Don't Stop

Composers: Mick Jagger & Keith Richards
Recording date: May-June 2002
Recording location: Guillaume Tell Studios, Suresnes, Paris, France
Producer: Don Was & The Glimmer Twins      Chief engineer: Ed Cherney
Mixer: Bob Clearmountain            Performed onstage: 2002-03

Probable line-up:

Drums: Charlie Watts
Bass: Darryl Jones
Acoustic guitars: Mick Jagger & Keith Richards
Electric guitars: Keith Richards, Mick Jagger & Ron Wood (incl. solos)
Vocals: Mick Jagger
Keyboards: Chuck Leavell
Tambourine: Blondie Chaplin
Handclaps: ----
 

The way you bit my lip and you drew first blood
It warmed my cold, cold heart
And you wrote your name right on my back
Boy, your nails were sharp

Don't stop
Honey, don't stop
Don't stop
Beg you, don't stop

Well I love your screams of passion
In the long, hot summer night
But you pepper me with poison darts
And twisted in your knife

But don't stop
Honey, don't stop
Don't stop
Beg you, don't stop

Well the only thing I ask of you
Is to hand me back some pride
Don't you dump me on some dusty street
And hang me out to dry

Ah don't stop
Honey, don't stop
Baby, don't stop
Baby, don't stop

Ah honey
 
Well I'm losing you, I know your heart is miles away
There's a whisper there where once there was a storm
And all that's left is that image that I've filed away
And some memories have tattered as they've torn

Ah don't stop
Don't stop, huh
Beg you, don't stop
Honey, baby, don't stop

Honey, honey

Don't stop
Baby, don't stop
Beg you, don't stop
Come on, honey, don't stop

Well baby

Don't stop
Beg you, beg you, don't stop
Ah honey, don't stop, stop
Don't you stop

I know I've got you
Some picture that I've filed away
Ah ah ah ah ah ah ah ah ah ah ah ah
Ah ah ah ah ah ah ah

Ah honey, don't stop
I beg you, don't you stop

 
 

TrackTalk

For me, doing a solo album or a Stones album is all the same, with one proviso: that when I'm writing for the Rolling Stones I don't mind if the song sounds like the ones the Stones do, whereas if I'm writing, but not recording, with the Rolling Stones, I don't want the song to contain too many of the clichés that one associates with the Rolling Stones, so I try quite hard to avoid them.
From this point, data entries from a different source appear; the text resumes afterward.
(* Let $A$, $B$ be lattices that satisfy Whitman's condition (W) and that are each generated by a set of join prime elements and also generated by a set of meet prime elements. Let $D$ be a lattice and $g\colon A\to D$, $h\colon B\to D$ lattice epimorphisms. If the fiber product $\{(a,b)\in A\times B: g(a)=h(b)\}$ is a finitely generated sublattice of $A\times B$, then $g$ and $h$ are bounded.
   Context: Whitman's condition (W) for a lattice: for all finite subsets $S,T$, if $\bigwedge S\le\bigvee T$ then there is $s\in S$ with $s\le\bigvee T$ or there is $t\in T$ with $\bigwedge S\le t$. An element $p$ is join prime if $p\le x\vee y$ implies $p\le x$ or $p\le y$; meet prime dually. A lattice homomorphism $g\colon A\to D$ is lower bounded if for every $d\in D$ the set $\{x\in A: g(x)\ge d\}$ is empty or has a least element; upper bounded if for every $d$ the set $\{x\in A: g(x)\le d\}$ is empty or has a greatest element; bounded if both. *)

(* lattices are mathcomp [latticeType]s (not necessarily bounded). *)
From HB Require Import structures.
From mathcomp Require Import all_boot all_order.
Set Implicit Arguments. Unset Strict Implicit. Unset Printing Implicit Defensive.
Import Order.Theory.
Local Open Scope order_scope.

Inductive genBy (T : Type) (mt jn : T -> T -> T) (X : T -> Prop) : T -> Prop :=
| genBy_base x : X x -> genBy mt jn X x
| genBy_meet x y : genBy mt jn X x -> genBy mt jn X y -> genBy mt jn X (mt x y)
| genBy_join x y : genBy mt jn X x -> genBy mt jn X y -> genBy mt jn X (jn x y).

Definition lgen d (L : latticeType d) (X : L -> Prop) : L -> Prop :=
  genBy (@Order.meet d L) (@Order.join d L) X.

Definition generated_by d (L : latticeType d) (X : L -> Prop) : Prop :=
  forall a : L, lgen X a.

(* Meet / join of a nonempty finite set {x0} ∪ s. *)
Definition meetS d (L : latticeType d) (x0 : L) (s : seq L) : L :=
  foldr (@Order.meet d L) x0 s.
Definition joinS d (L : latticeType d) (x0 : L) (s : seq L) : L :=
  foldr (@Order.join d L) x0 s.

(* Whitman's condition (W), for nonempty finite subsets S = x0::s, T = y0::t. *)
Definition whitman d (L : latticeType d) : Prop :=
  forall (x0 : L) (s : seq L) (y0 : L) (t : seq L),
    meetS x0 s <= joinS y0 t ->
    (exists2 x, x \in x0 :: s & x <= joinS y0 t) \/
    (exists2 y, y \in y0 :: t & meetS x0 s <= y).

Definition join_prime d (L : latticeType d) (p : L) : Prop :=
  forall x y : L, p <= x `|` y -> p <= x \/ p <= y.
Definition meet_prime d (L : latticeType d) (p : L) : Prop :=
  forall x y : L, x `&` y <= p -> x <= p \/ y <= p.

Definition gen_by_join_primes d (L : latticeType d) : Prop :=
  exists X : L -> Prop, (forall x, X x -> join_prime x) /\ generated_by X.
Definition gen_by_meet_primes d (L : latticeType d) : Prop :=
  exists X : L -> Prop, (forall x, X x -> meet_prime x) /\ generated_by X.

Definition lattice_hom d1 d2 (A : latticeType d1) (D : latticeType d2)
    (g : A -> D) : Prop :=
  (forall x y, g (x `&` y) = g x `&` g y) /\ (forall x y, g (x `|` y) = g x `|` g y).

Definition lattice_epi d1 d2 (A : latticeType d1) (D : latticeType d2)
    (g : A -> D) : Prop :=
  lattice_hom g /\ forall z : D, exists x : A, g x = z.

Definition lower_bounded d1 d2 (A : latticeType d1) (D : latticeType d2)
    (g : A -> D) : Prop :=
  forall z : D, (forall x : A, ~ (z <= g x)) \/
    (exists m : A, z <= g m /\ forall x : A, z <= g x -> m <= x).
Definition upper_bounded d1 d2 (A : latticeType d1) (D : latticeType d2)
    (g : A -> D) : Prop :=
  forall z : D, (forall x : A, ~ (g x <= z)) \/
    (exists m : A, g m <= z /\ forall x : A, g x <= z -> x <= m).
Definition bounded_hom d1 d2 (A : latticeType d1) (D : latticeType d2)
    (g : A -> D) : Prop := lower_bounded g /\ upper_bounded g.

Definition prod_meet d1 d2 (A : latticeType d1) (B : latticeType d2)
    (p q : A * B) : A * B := (p.1 `&` q.1, p.2 `&` q.2).
Definition prod_join d1 d2 (A : latticeType d1) (B : latticeType d2)
    (p q : A * B) : A * B := (p.1 `|` q.1, p.2 `|` q.2).

Definition fiber_fin_gen d1 d2 d3 (A : latticeType d1) (B : latticeType d2)
    (D : latticeType d3) (g : A -> D) (h : B -> D) : Prop :=
  exists S : seq (A * B),
    (forall p, p \in S -> g p.1 = h p.2) /\
    (forall a b, g a = h b <->
       genBy (@prod_meet d1 d2 A B) (@prod_join d1 d2 A B) (fun p => p \in S) (a, b)).

From HB Require Import structures.
From mathcomp Require Import all_boot all_order.
Set Implicit Arguments. Unset Strict Implicit. Unset Printing Implicit Defensive.
Import Order.Theory.
Local Open Scope order_scope.

(* The heart of the
   proof is one-sided: if B satisfies Whitman's condition (W) and is generated
   by join primes, then g is lower bounded.  For b in B we call a in A a lower
   witness for b when h b <= g a and a <= t.1 for every t in F with b <= t.2;
   a lower witness for b is the least a with h b <= g a.  Lower witnesses exist
   for join primes (by induction on F, using primality at joins), and the set of
   elements having one is closed under joins (trivially) and meets (by induction
   on F, using (W) at joins); so every element of B has one.  The meet of the
   first components of the generators lying above b is what makes the
   generators of F harmless in both inductions.

   The three remaining claims follow by symmetry: exchanging the roles of
   (A, g) and (B, h), and passing to the order duals of A, B, D, preserve all
   the hypotheses and exchange lower and upper boundedness. *)

Lemma genBy_map (T U : Type) (mt jn : T -> T -> T) (mt' jn' : U -> U -> U)
    (X : T -> Prop) (Y : U -> Prop) (f : T -> U) :
  (forall x y, f (mt x y) = mt' (f x) (f y)) ->
  (forall x y, f (jn x y) = jn' (f x) (f y)) ->
  (forall x, X x -> Y (f x)) ->
  forall x, genBy mt jn X x -> genBy mt' jn' Y (f x).
Proof.
move=> fM fJ fXY x; elim=> {x} [x /fXY|x y _ IHx _ IHy|x y _ IHx _ IHy].
- exact: genBy_base.
- by rewrite fM; apply: genBy_meet.
- by rewrite fJ; apply: genBy_join.
Qed.

(* Generation does not depend on the order of the two operations; this is what
   makes generation compatible with order duality. *)
Lemma genBy_flip (T : Type) (mt jn : T -> T -> T) (X : T -> Prop) (x : T) :
  genBy mt jn X x -> genBy jn mt X x.
Proof.
elim=> {x} [x Xx|x y _ IHx _ IHy|x y _ IHx _ IHy].
- exact: genBy_base.
- exact: genBy_join.
- exact: genBy_meet.
Qed.

Lemma meetS_le d (L : latticeType d) (x0 x : L) (s : seq L) :
  x \in s -> meetS x0 s <= x.
Proof.
elim: s => [|y s IHs] //=; rewrite in_cons => /orP [/eqP ->|/IHs xs].
- exact: leIl.
- exact: le_trans (leIr _ _) xs.
Qed.

Lemma le_meetS d (L : latticeType d) (z x0 : L) (s : seq L) :
  z <= x0 -> (forall x, x \in s -> z <= x) -> z <= meetS x0 s.
Proof.
move=> zx0; elim: s => [|y s IHs] //= zs.
rewrite lexI zs ?mem_head //= IHs // => x xs.
by apply: zs; rewrite in_cons xs orbT.
Qed.

Lemma hom_meetS d1 d2 (A : latticeType d1) (D : latticeType d2) (g : A -> D)
    (x0 : A) (s : seq A) :
  (forall x y, g (x `&` y) = g x `&` g y) ->
  g (meetS x0 s) = meetS (g x0) (map g s).
Proof. by move=> gM; elim: s => [|y s IHs] //=; rewrite gM IHs. Qed.

Lemma meet_hom_le d1 d2 (A : latticeType d1) (D : latticeType d2) (g : A -> D) :
  (forall x y, g (x `&` y) = g x `&` g y) -> {homo g : x y / x <= y}.
Proof. by move=> gM x y /meet_idPl xy; apply/meet_idPl; rewrite -gM xy. Qed.

Lemma whitman2 d (L : latticeType d) (x1 x2 y1 y2 : L) :
  whitman L -> x1 `&` x2 <= y1 `|` y2 ->
  [\/ x1 <= y1 `|` y2, x2 <= y1 `|` y2, x1 `&` x2 <= y1 | x1 `&` x2 <= y2].
Proof.
move=> W /(W x2 [:: x1] y2 [:: y1]) [[x]|[y]]; rewrite !inE => /orP [] /eqP ->.
- by move=> ?; apply: Or42.
- by move=> ?; apply: Or41.
- by move=> ?; apply: Or44.
- by move=> ?; apply: Or43.
Qed.

Lemma whitman_dual d (L : latticeType d) : whitman L -> whitman L^d.
Proof. by move=> W x0 s y0 t /(W y0 t x0 s) [] [z zin le]; [right | left]; exists z. Qed.

Lemma gen_by_join_primes_dual d (L : latticeType d) :
  gen_by_meet_primes L -> gen_by_join_primes L^d.
Proof.
move=> [X [Xprime Xgen]]; exists X; split; first exact: Xprime.
by move=> a; apply: genBy_flip (Xgen a).
Qed.

Lemma lattice_epi_dual d1 d2 (A : latticeType d1) (D : latticeType d2) (g : A -> D) :
  lattice_epi g -> lattice_epi (g : A^d -> D^d).
Proof. by move=> [[gM gJ] gs]; split; first split. Qed.

Lemma fiber_fin_gen_dual d1 d2 d3 (A : latticeType d1) (B : latticeType d2)
    (D : latticeType d3) (g : A -> D) (h : B -> D) :
  fiber_fin_gen g h -> fiber_fin_gen (g : A^d -> D^d) (h : B^d -> D^d).
Proof.
move=> [S [HS HF]]; exists S; split; first exact: HS.
move=> a b; split=> Fab.
- by apply: genBy_flip; apply/HF.
- by apply/HF; apply: genBy_flip.
Qed.

Lemma upper_bounded_dual d1 d2 (A : latticeType d1) (D : latticeType d2) (g : A -> D) :
  lower_bounded (g : A^d -> D^d) -> upper_bounded g.
Proof. by []. Qed.

Lemma fiber_fin_gen_swap d1 d2 d3 (A : latticeType d1) (B : latticeType d2)
    (D : latticeType d3) (g : A -> D) (h : B -> D) :
  fiber_fin_gen g h -> fiber_fin_gen h g.
Proof.
move=> [S [HS HF]]; exists [seq (q.2, q.1) | q <- S]; split.
  by move=> _ /mapP [q qS ->]; rewrite HS.
move=> b a; split=> [hg | Fba].
- move: ((HF a b).1 (esym hg)).
  apply: (genBy_map (f := fun p : A * B => (p.2, p.1))) => //.
  by move=> q qS; apply/mapP; exists q.
- apply/esym/(HF a b).2; move: Fba.
  apply: (genBy_map (f := fun p : B * A => (p.2, p.1))) => //.
  by move=> _ /mapP [[q1 q2] qS ->].
Qed.

Section LowerBound.
Variables (d1 d2 d3 : Order.disp_t)
  (A : latticeType d1) (B : latticeType d2) (D : latticeType d3)
  (g : A -> D) (h : B -> D) (S : seq (A * B)).

Hypothesis g_meet : forall x y, g (x `&` y) = g x `&` g y.
Hypothesis g_join : forall x y, g (x `|` y) = g x `|` g y.
Hypothesis g_surj : forall z, exists x, g x = z.
Hypothesis h_meet : forall x y, h (x `&` y) = h x `&` h y.
Hypothesis h_join : forall x y, h (x `|` y) = h x `|` h y.
Hypothesis h_surj : forall z, exists y, h y = z.

Let fiber : A * B -> Prop :=
  genBy (@prod_meet d1 d2 A B) (@prod_join d1 d2 A B) (fun p => p \in S).
Hypothesis S_fiber : forall p, p \in S -> g p.1 = h p.2.
Hypothesis fiberE : forall a b, g a = h b <-> fiber (a, b).

Definition below_fiber (b : B) (a : A) : Prop :=
  forall t, fiber t -> b <= t.2 -> a <= t.1.

(* h b <= g a and a is below the fiber above b; such an a is then the least
   element of A whose image lies above h b (see lower_bounded_of_witnesses). *)
Definition lower_witness (b : B) (a : A) : Prop :=
  h b <= g a /\ below_fiber b a.

Lemma below_fiber_ind (b : B) (a : A) :
  (forall q, q \in S -> b <= q.2 -> a <= q.1) ->
  (forall x y, fiber x -> fiber y -> b <= x.2 `|` y.2 ->
     (b <= x.2 -> a <= x.1) -> (b <= y.2 -> a <= y.1) -> a <= x.1 `|` y.1) ->
  below_fiber b a.
Proof.
move=> base join t; elim=> {t} [q|x y _ IHx _ IHy|x y Fx IHx Fy IHy].
- exact: base.
- by rewrite /= !lexI => /andP [b_x b_y]; rewrite IHx ?IHy.
- by move=> bxy; apply: join.
Qed.

(* Meeting a preimage of h b with the first components of the generators above
   b gives an element with image above h b that is below all those generators. *)
Lemma below_generators (b : B) :
  exists2 a, h b <= g a & forall q, q \in S -> b <= q.2 -> a <= q.1.
Proof.
have [a0 ga0] := g_surj (h b).
exists (meetS a0 [seq q.1 | q <- S & b <= q.2]).
- rewrite hom_meetS // ga0; apply: le_meetS => // _ /mapP [_ /mapP [q] + -> ->].
  rewrite mem_filter => /andP [bq qS]; rewrite S_fiber //.
  exact: meet_hom_le.
- by move=> q qS bq; apply: meetS_le; apply/mapP; exists q; rewrite ?mem_filter ?bq.
Qed.

(* Join primes have lower witnesses: a join of fiber elements above p has one
   of its two arguments above p. *)
Lemma lower_witness_join_prime (p : B) : join_prime p -> exists a, lower_witness p a.
Proof.
move=> pprime; have [a ga aS] := below_generators p; exists a; split=> //.
apply: below_fiber_ind => // x y _ _ /pprime [px|py] IHx IHy.
- exact: le_trans (IHx px) (leUl _ _).
- exact: le_trans (IHy py) (leUr _ _).
Qed.

Lemma lower_witness_join (b1 b2 : B) (a1 a2 : A) :
  lower_witness b1 a1 -> lower_witness b2 a2 -> lower_witness (b1 `|` b2) (a1 `|` a2).
Proof.
move=> [ga1 Ka1] [ga2 Ka2]; split; first by rewrite h_join g_join leU2.
by move=> t Ft; rewrite leUx => /andP [b1t b2t]; rewrite leUx Ka1 ?Ka2.
Qed.

Lemma lower_witness_meet (b1 b2 : B) (a1 a2 : A) :
  whitman B -> lower_witness b1 a1 -> lower_witness b2 a2 ->
  exists a, lower_witness (b1 `&` b2) a.
Proof.
move=> W [ga1 Ka1] [ga2 Ka2]; have [a0 ga0 a0S] := below_generators (b1 `&` b2).
have h_le := meet_hom_le h_meet.
exists (a1 `&` (a2 `&` a0)); split.
  rewrite !g_meet !lexI ga0 andbT.
  by rewrite (le_trans (h_le _ _ (leIl _ _))) ?(le_trans (h_le _ _ (leIr _ _))).
apply: below_fiber_ind => [q qS bq|x y Fx Fy].
  by rewrite !meetA (le_trans (leIr _ _)) ?a0S.
have Fxy : fiber (prod_join x y) by apply: genBy_join.
case/(whitman2 W) => [b1xy|b2xy|b_x|b_y] IHx IHy.
- exact: le_trans (leIl _ _) (Ka1 _ Fxy b1xy).
- exact: le_trans (le_trans (leIr _ _) (leIl _ _)) (Ka2 _ Fxy b2xy).
- exact: le_trans (IHx b_x) (leUl _ _).
- exact: le_trans (IHy b_y) (leUr _ _).
Qed.

(* If every element of B has a lower witness, then g is lower bounded: every z
   in D is h b for some b, and a witness for b is the least a with z <= g a. *)
Lemma lower_bounded_of_witnesses :
  (forall b, exists a, lower_witness b a) -> lower_bounded g.
Proof.
move=> wit z; right; have [b hb] := h_surj z; have [a [ga Ka]] := wit b.
exists a; split; first by rewrite -hb.
move=> x zx; have [a' ga'] := g_surj (h b).
have Fxa' : fiber (x `&` a', b).
  by apply/fiberE; rewrite g_meet ga' hb; apply/meet_idPr.
exact: le_trans (Ka _ Fxa' (lexx _)) (leIl _ _).
Qed.

End LowerBound.

Lemma fiber_lower_bounded d1 d2 d3 (A : latticeType d1) (B : latticeType d2)
    (D : latticeType d3) (g : A -> D) (h : B -> D) :
  whitman B -> gen_by_join_primes B -> lattice_epi g -> lattice_epi h ->
  fiber_fin_gen g h -> lower_bounded g.
Proof.
move=> W [P [Pprime Pgen]] [[gM gJ] gs] [[hM hJ] hs] [S [HS HF]].
apply: (lower_bounded_of_witnesses (S := S)) => // b.
elim: (Pgen b) => {b} [p /Pprime|b1 b2 _ [a1 w1] _ [a2 w2]|b1 b2 _ [a1 w1] _ [a2 w2]].
- exact: lower_witness_join_prime.
- exact: lower_witness_meet W w1 w2.
- by exists (a1 `|` a2); apply: lower_witness_join.
Qed.

Theorem mainTheorem4 (d1 d2 d3 : Order.disp_t)
  (A : latticeType d1) (B : latticeType d2) (D : latticeType d3)
  (g : A -> D) (h : B -> D) :
  whitman A -> gen_by_join_primes A -> gen_by_meet_primes A ->
  whitman B -> gen_by_join_primes B -> gen_by_meet_primes B ->
  lattice_epi g -> lattice_epi h ->
  fiber_fin_gen g h ->
  bounded_hom g /\ bounded_hom h.
Proof.
move=> WA JA MA WB JB MB g_epi h_epi fib.
have fib' := fiber_fin_gen_swap fib.
split; split.
- exact: fiber_lower_bounded WB JB g_epi h_epi fib.
- apply: upper_bounded_dual; exact: fiber_lower_bounded (whitman_dual WB)
    (gen_by_join_primes_dual MB) (lattice_epi_dual g_epi) (lattice_epi_dual h_epi)
    (fiber_fin_gen_dual fib).
- exact: fiber_lower_bounded WA JA h_epi g_epi fib'.
- apply: upper_bounded_dual; exact: fiber_lower_bounded (whitman_dual WA)
    (gen_by_join_primes_dual MA) (lattice_epi_dual h_epi) (lattice_epi_dual g_epi)
    (fiber_fin_gen_dual fib').
Qed.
Before the release of Forty Licks, I wrote Don't Stop in the same period that I was writing the songs for my solo album, and I just put it to one side and said to myself, This sounds very much like the Rolling Stones to me. It might be very useful in the coming months, but I'll leave it for now and I won't record it because I think it's going to be better for the Stones.

- Mick Jagger, 2003


It's basically all Mick. He had the song when we got to Paris to record. It was a matter of me finding the guitar licks to go behind the song, rather than it just chugging along. We don't see a lot of each other - I live in America, he lives in England. So when we get together, we see what ideas each has got: I'm stuck on the bridge. Well, I have this bit that might work. A lot of what Mick and I do is fixing and touching up, writing the song in bits, assembling it on the spot. In Don't Stop, my job was the fairy dust.

- Keith Richards, 2002


(It's) kind of a stock Mick riff. It's quite a simple song. Mick had the words and the phrasing, which was good, and Keith and I were kind of, All right, we'll give it a try. It ended up sounding like another Start Me Up, out of that stable.

- Ron Wood, October 2002


Don't Stop is a classic Mick song. I could see that Mick had designed it to come across well in large venues, a Start Me Up-style crowd song, with a simple kind of message and a straightforward sructure. Because Mick is playing guitar, there isn't so much room for Keith, but he did manage to find a way of stabbing away at it, so that he was semi-happy with the result. I took on the stronger guitar part, because I was covering for Keith and also delivering what Mick was expecting from the way he had written the song: he wanted a trademark Woody guitar solo.

- Ron Wood, 2003


Don't Stop is the single-y one.

- Mick Jagger, 2002


Don't Stop is probably not as good a song as something like Satisfaction, but as long as it fits in the show it works. What is interesting is that unlike those songs from the 1960s, it will never, in our lifetime, get played as much and acquire the patina of age. But a lot of the songs that we play live were not important songs when they came out... (A) tune like Don't Stop might - or might not - one day acquire the same patina. What is certain is that if you don't play a song onstage, it will never have a chance to be anything.

- Mick Jagger, 2003


I can probably live without Don't Stop, although I enjoyed playing it - it's a pretty little thing and you can sizzle it off, but there's not much substance to it.